Cette stratégie permet aux acteurs politiques de gagner de la visibilité et de rallier à leur cause des individus qui, dans un autre contexte, ne partageraient pas ces opinions.
En manipulant la foule par des discours simples et des symboles, ces partis exploitent la force de la masse pour transformer le stade en un terrain de propagande, servant des intérêts qui vont bien au-delà du sport.
Des tensions diplomatiques
Les comportements antisémites dans les stades peuvent aussi avoir des conséquences diplomatiques. L’attaque des supporters israéliens à Amsterdam a engendré des échanges tendus entre les gouvernements néerlandais et israélien, les représentants israéliens demandant des mesures pour assurer la sécurité de leurs ressortissants dans les compétitions internationales. De même, la situation sécuritaire en Israël a obligé l'équipe nationale à délocaliser ses matchs à domicile à l'étranger pour des raisons de sécurité, une contrainte qui reflète l’impact géopolitique de ces incidents.
Ces exemples montrent que le sport, bien qu'un espace de loisirs, a un impact direct sur les relations internationales.
Les actions pour un football sans haine
Sanctions et prévention : des mesures essentielles
Face à ces défis, l’UEFA et la FIFA, ainsi que les ligues nationales, ont pris des mesures pour lutter contre l'antisémitisme dans les stades.
Les sanctions financières et les huis clos partiels sont des outils fréquemment utilisés pour responsabiliser les clubs et dissuader les supporters de céder aux discours haineux.
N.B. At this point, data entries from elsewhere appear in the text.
(* Let $(A,\succ,\prec)$ be a finite-dimensional dendriform algebra with associated associative product $*$, and let $r\in A\otimes A$ be symmetric ($\sigma(r)=r$) and satisfy the $D$-equation $r_{12}*r_{13}=r_{13}\prec r_{23}+r_{23}\succ r_{12}$. Define $\Delta_\succ(x)=-(\mathrm{id}\otimes L(x)-R_\prec(x)\otimes\mathrm{id})r$ and $\Delta_\prec(x)=(\mathrm{id}\otimes L_\succ(x)-R(x)\otimes\mathrm{id})r$. Then the products $\langle a^*\succ_{A^*}b^*,x\rangle=\langle a^*\otimes b^*,\Delta_\succ(x)\rangle$, $\langle a^*\prec_{A^*}b^*,x\rangle=\langle a^*\otimes b^*,\Delta_\prec(x)\rangle$ define a dendriform algebra on $A^*$, and $(A,A^* )$ is a dendriform D-bialgebra.
   Context: A dendriform algebra is a vector space with bilinear products $\prec,\succ$ such that, writing $x*y=x\prec y+x\succ y$: $(x\prec y)\prec z=x\prec(y*z)$, $(x\succ y)\prec z=x\succ(y\prec z)$, $x\succ(y\succ z)=(x*y)\succ z$. Notation: $L_\succ(x)y=x\succ y$, $R_\succ(x)y=y\succ x$, $L_\prec(x)y=x\prec y$, $R_\prec(x)y=y\prec x$, $L=L_\succ+L_\prec$, $R=R_\succ+R_\prec$; subscripts $A$, $A^*$ indicate the algebra. $\sigma(u\otimes v)=v\otimes u$. For $r=\sum_i x_i\otimes y_i$: $r_{12}*r_{13}=\sum_{i,j}x_i*x_j\otimes y_i\otimes y_j$, $r_{13}\prec r_{23}=\sum_{i,j}x_i\otimes x_j\otimes y_i\prec y_j$, $r_{23}\succ r_{12}=\sum_{i,j}x_j\otimes x_i\succ y_j\otimes y_i$. Dendriform D-bialgebra: given dendriform algebras $(A,\succ_A,\prec_A)$, $(A^*,\succ_{A^*},\prec_{A^*})$ with associated products $*_A,*_{A^*}$, let $\langle\beta_\succ(a^* ),x\otimes y\rangle=\langle a^*,x\succ_Ay\rangle$, $\langle\beta_\prec(a^* ),x\otimes y\rangle=\langle a^*,x\prec_Ay\rangle$, $\langle\Delta_\succ(x),a^*\otimes b^*\rangle=\langle x,a^*\succ_{A^*}b^*\rangle$, $\langle\Delta_\prec(x),a^*\otimes b^*\rangle=\langle x,a^*\prec_{A^*}b^*\rangle$. The pair $(A,A^* )$ is a dendriform D-bialgebra if for all $x,y\in A$, $a^*,b^*\in A^*$: (1) $\Delta_\prec(x*_Ay)=(\mathrm{id}\otimes L_{\succ_A}(x))\Delta_\prec(y)+(R_A(y)\otimes\mathrm{id})\Delta_\prec(x)$; (2) $\Delta_\succ(x*_Ay)=(\mathrm{id}\otimes L_A(x))\Delta_\succ(y)+(R_{\prec_A}(y)\otimes\mathrm{id})\Delta_\succ(x)$; (3) $\beta_\prec(a^**_{A^*}b^* )=(\mathrm{id}\otimes L_{\succ_{A^*}}(a^* ))\beta_\prec(b^* )+(R_{A^*}(b^* )\otimes\mathrm{id})\beta_\prec(a^* )$; (4) $\beta_\succ(a^**_{A^*}b^* )=(\mathrm{id}\otimes L_{A^*}(a^* ))\beta_\succ(b^* )+(R_{\prec_{A^*}}(b^* )\otimes\mathrm{id})\beta_\succ(a^* )$; (5) $(L_A(x)\otimes\mathrm{id}-\mathrm{id}\otimes R_{\prec_A}(x))\Delta_\prec(y)+\sigma[(L_{\succ_A}(y)\otimes\mathrm{id}-\mathrm{id}\otimes R_A(y))\Delta_\succ(x)]=0$; (6) $(L_{A^*}(a^* )\otimes\mathrm{id}-\mathrm{id}\otimes R_{\prec_{A^*}}(a^* ))\beta_\prec(b^* )+\sigma[(L_{\succ_{A^*}}(b^* )\otimes\mathrm{id}-\mathrm{id}\otimes R_{A^*}(b^* ))\beta_\succ(a^* )]=0$. *)

(* Finite-dimensional algebras are represented in coordinates
   with respect to a basis e_0..e_{n-1} of A (and the dual basis of A^* ). *)
From HB Require Import structures.
From mathcomp Require Import all_boot all_order all_algebra.
Set Implicit Arguments. Unset Strict Implicit. Unset Printing Implicit Defensive.
Import GRing.Theory.
Local Open Scope ring_scope.

Section Dend.
Variables (K : fieldType) (n : nat).

(* elements of A (coordinates), of A (x) A, of A (x) A (x) A *)
Definition vec := 'I_n -> K.
Definition ten2 := 'I_n -> 'I_n -> K.
(* a bilinear product, via structure constants: e_i . e_j = sum_k c i j k e_k *)
Definition sconst := 'I_n -> 'I_n -> 'I_n -> K.

Definition bmul (c : sconst) (x y : vec) : vec :=
  fun k => \sum_(i < n) \sum_(j < n) x i * y j * c i j k.
Definition vadd (u v : vec) : vec := fun k => u k + v k.
Definition basis_vec (k : 'I_n) : vec := fun l => if l == k then 1 else 0.

Definition star (s p : sconst) (x y : vec) : vec := vadd (bmul s x y) (bmul p x y).

(* (f (x) id) t and (id (x) f) t for a linear map f, and the flip sigma *)
Definition tl (f : vec -> vec) (t : ten2) : ten2 := fun i j => f (fun a => t a j) i.
Definition tr (f : vec -> vec) (t : ten2) : ten2 := fun i j => f (fun b => t i b) j.
Definition flip (t : ten2) : ten2 := fun i j => t j i.

(* (A, s = succ, p = prec) is a dendriform algebra *)
Definition dendriform (s p : sconst) : Prop :=
  forall x y z : vec, forall k,
    [/\ bmul p (bmul p x y) z k = bmul p x (star s p y z) k,
        bmul p (bmul s x y) z k = bmul s x (bmul p y z) k
      & bmul s x (bmul s y z) k = bmul s (star s p x y) z k].

(* comultiplication dual to a product c' on the dual space:
   <Delta(x), a (x) b> = <x, a c' b>, i.e. Delta(x) i j = sum_k x_k c' i j k *)
Definition comult (c' : sconst) (x : vec) : ten2 :=
  fun i j => \sum_(k < n) x k * c' i j k.

(* conditions (1), (2), (5) for the pair ((s,p) on A, (s',p') on A^* ) *)
Definition bialg_half (s p s' p' : sconst) : Prop :=
  let Ds := comult s' in let Dp := comult p' in
  forall x y : vec, forall i j,
  [/\ Dp (star s p x y) i j
        = tr (bmul s x) (Dp y) i j + tl (fun v => star s p v y) (Dp x) i j,
      Ds (star s p x y) i j
        = tr (star s p x) (Ds y) i j + tl (fun v => bmul p v y) (Ds x) i j
    & (tl (star s p x) (Dp y) i j - tr (fun v => bmul p v x) (Dp y) i j)
      + flip (fun a b => tl (bmul s y) (Ds x) a b
                         - tr (fun v => star s p v y) (Ds x) a b) i j = 0].

(* dendriform D-bialgebra (A, A^* ): conditions (1)-(6), both dendriform *)
Definition D_bialgebra (s p s' p' : sconst) : Prop :=
  [/\ dendriform s p, dendriform s' p', bialg_half s p s' p' & bialg_half s' p' s p].

Definition symmetric_tensor (r : ten2) : Prop := forall i j, r i j = r j i.

(* D-equation r12*r13 = r13 < r23 + r23 > r12, coordinatewise at (k,l,m) *)
Definition D_equation (s p : sconst) (r : ten2) : Prop :=
  forall k l m,
    star s p (fun a => r a l) (fun c => r c m) k
    = bmul p (fun b => r k b) (fun d => r l d) m
      + bmul s (fun a => r a m) (fun d => r k d) l.

(* Delta_succ(x) = -(id (x) L(x) - R_prec(x) (x) id) r *)
Definition Delta_succ (s p : sconst) (r : ten2) (x : vec) : ten2 :=
  fun i j => - (tr (star s p x) r i j - tl (fun v => bmul p v x) r i j).
(* Delta_prec(x) = (id (x) L_succ(x) - R(x) (x) id) r *)
Definition Delta_prec (s p : sconst) (r : ten2) (x : vec) : ten2 :=
  fun i j => tr (bmul s x) r i j - tl (fun v => star s p v x) r i j.

(* structure constants of the induced products on A^* (dual basis):
   <e^i . e^j, e_k> = <e^i (x) e^j, Delta(e_k)> *)
Definition dual_succ (s p : sconst) (r : ten2) : sconst :=
  fun i j k => Delta_succ s p r (basis_vec k) i j.
Definition dual_prec (s p : sconst) (r : ten2) : sconst :=
  fun i j k => Delta_prec s p r (basis_vec k) i j.

End Dend.

From mathcomp Require Import all_boot all_order all_algebra ring.
From Stdlib Require Import FunctionalExtensionality.
Set Implicit Arguments. Unset Strict Implicit. Unset Printing Implicit Defensive.
Import GRing.Theory.
Local Open Scope ring_scope.

(* Write <u, x> for the pairing of A^* with A and r# : A^* -> A,
   r# u = (u (x) id) r.  The argument has three layers.
   1. Coordinate calculus: pairing, linear maps and their transposes, and the
      linearity of the products of A in each argument.
   2. Closed formulas for the induced products on A^*, read off from the
      definitions of Delta_succ and Delta_prec and the symmetry of r, e.g.
        <u >' v, x> = <u, r# v < x> - <v, x * r# u>;
      and, using the D-equation, the fact that -r# is a morphism of
      dendriform products from A^* to A, e.g. r# (u >' v) = - r# u > r# v.
   3. Every axiom to be proved is an identity between coordinates; writing
      each coordinate as a pairing and expanding with the formulas of layer 2
      reduces it to the dendriform axioms of A (and associativity of x * y) and
      the symmetry <a, r# b> = <b, r# a>, after which it is a ring identity. *)

Section Coordinates.
Variables (K : fieldType) (n : nat).
Local Notation vec := (vec K n).
Local Notation e := (@basis_vec K n).

Definition pairing (u x : vec) : K := \sum_(c < n) u c * x c.

Lemma sum_delta_l k (F : 'I_n -> K) : \sum_(l < n) e k l * F l = F k.
Proof.
rewrite (bigD1 k) //= /basis_vec eqxx mul1r big1 ?addr0 // => l /negbTE ->.
by rewrite mul0r.
Qed.

Lemma sum_delta_r k (F : 'I_n -> K) : \sum_(l < n) F l * e k l = F k.
Proof. by rewrite -[RHS](sum_delta_l k); apply: eq_bigr => l _; rewrite mulrC. Qed.

Lemma pairingC u x : pairing u x = pairing x u.
Proof. by apply: eq_bigr => c _; rewrite mulrC. Qed.

Lemma pairing_basis_r u k : pairing u (e k) = u k.
Proof. exact: sum_delta_r. Qed.

Lemma pairing_basis_l u k : pairing (e k) u = u k.
Proof. exact: sum_delta_l. Qed.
En Italie, des campagnes de sensibilisation ont également été lancées pour prévenir les comportements haineux, avec des affiches et des annonces rappelant les valeurs de respect et de tolérance.
Lancé en 2008, le programme "Respect" de l'UEFA, ainsi que les campagnes de sensibilisation menées lors des finales de compétitions majeures comme la Champions League, l’Europa League et l'Euro, illustrent l'engagement des grandes instances du football à promouvoir la tolérance et à lutter contre toutes les formes de discrimination dans les stades.
Sensibiliser dès le plus jeune âge
L’éducation et la prévention dès le plus jeune âge sont indispensables pour enrayer ce fléau. Des associations comme la LICRA (Ligue Internationale Contre le Racisme et l’Antisémitisme) et SOS Racisme travaillent avec des clubs pour sensibiliser les jeunes aux dangers de l’antisémitisme et des autres formes de discrimination. L’objectif est de faire comprendre aux jeunes générations de supporters et de joueurs que le respect est une valeur fondamentale du sport, et que le stade doit rester un lieu de rassemblement, non de division.
"Le sport a le pouvoir de changer le monde. Il a le pouvoir d'unir les gens d'une manière que peu d'autres choses peuvent faire." - Nelson Mandela
Le pouvoir de transformer le football est entre les mains de chaque supporter. En choisissant l'éclat de joie plutôt que celui de la haine, chaque supporter contribue à créer un stade qui honore l’esprit du sport, où les différences enrichissent au lieu de diviser.
Le football, parce qu’il est universel, peut devenir un modèle d’inclusion et de respect, un lieu où la passion n’a pas besoin de haine pour s’exprimer.
Un football sans haine est un football qui fait honneur à sa vocation universelle, rassemblant les peuples pour un moment de joie partagée.